Grant Stuard (born October 15, 1998) is an American football linebacker for the Indianapolis Colts of the National Football League (NFL). He played college football at Houston, and was selected by the Tampa Bay Buccaneers with the final pick in the 2021 NFL Draft, making him that year's Mr. Irrelevant.

Early life
Stuard helped take care of his four siblings while growing up, as his mother battled a drug addiction and his father spent time in prison.

College career
Stuard played four years with the University of Houston, primarily as a linebacker, although he also played some running back.

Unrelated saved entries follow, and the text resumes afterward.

(* For $k\ge1$, let $\alpha(k)$ be the smallest integer $n$ such that there is a string of length $n$ whose Manacher array (of length $2n-1$) is not the Manacher array of any string with fewer than $k$ distinct symbols. Then $\alpha(1)=1$ and $\alpha(k)=2^{k-2}+1$ for all $k\ge2$. Equivalently, for $n\ge2$, every Manacher array of a string of length $n$ is realized by a string with at most $\lfloor\log_2(n-1)\rfloor+2$ distinct symbols, and this bound is attained for every such $n$.
   Context: The Manacher array of a string $S$ of length $n$ is the array $\mathsf A[1..2n-1]$: $\mathsf A[2k-1]$ is the largest $r\ge0$ with $1\le k-r$, $k+r\le n$ and $S[k-r..k+r]$ a palindrome; $\mathsf A[2k]$ is the largest $r\ge0$ with $1\le k-r+1$, $k+r\le n$ and $S[k-r+1..k+r]$ a palindrome. *)

From mathcomp Require Import all_boot.
Set Implicit Arguments. Unset Strict Implicit. Unset Printing Implicit Defensive.

(* Strings are sequences over an eqType alphabet; positions are 1-based as in the paper. *)
Section Manacher.
Variable T : eqType.

(* S[a..b] (1-based, inclusive); empty when b < a. *)
Definition substr (s : seq T) (a b : nat) : seq T := take (b.+1 - a) (drop a.-1 s).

In the 2017 season his freshman season he played in 7 games before missing 4 games and the 2017 Hawaii Bowl due to a torn meniscus. He recorded 2 assisted tackles both against Rice University. In the 2018 season Stuard played 13 games and had 1 start. He led the 2018 Houston Cougars football team with 11 special teams tackles. He also played running back late in the year. He had 5 attempts and 35 yards running the ball, along with 30 tackles, 18 solo and 12 assisted. In the 2019 season Stuard started all 12 games. He had 97 tackles which led the team and had 9.5 tackles for loss good for third in the American Athletic Conference. He had 1 sack and 4 pass deflections. Stuard was named to the 2019 American Athletic All-Conference Second-team. In the 2020 season he was a team captain for his senior year and led the Cougars in tackles: he made 61 total tackles (including 35 solo tackles) in a COVID-shortened 7-game regular season.  He led the American Athletic Conference in tackles per game with 8.4 tackles/game. For his senior season, he changed his uniform number from 3 to 0.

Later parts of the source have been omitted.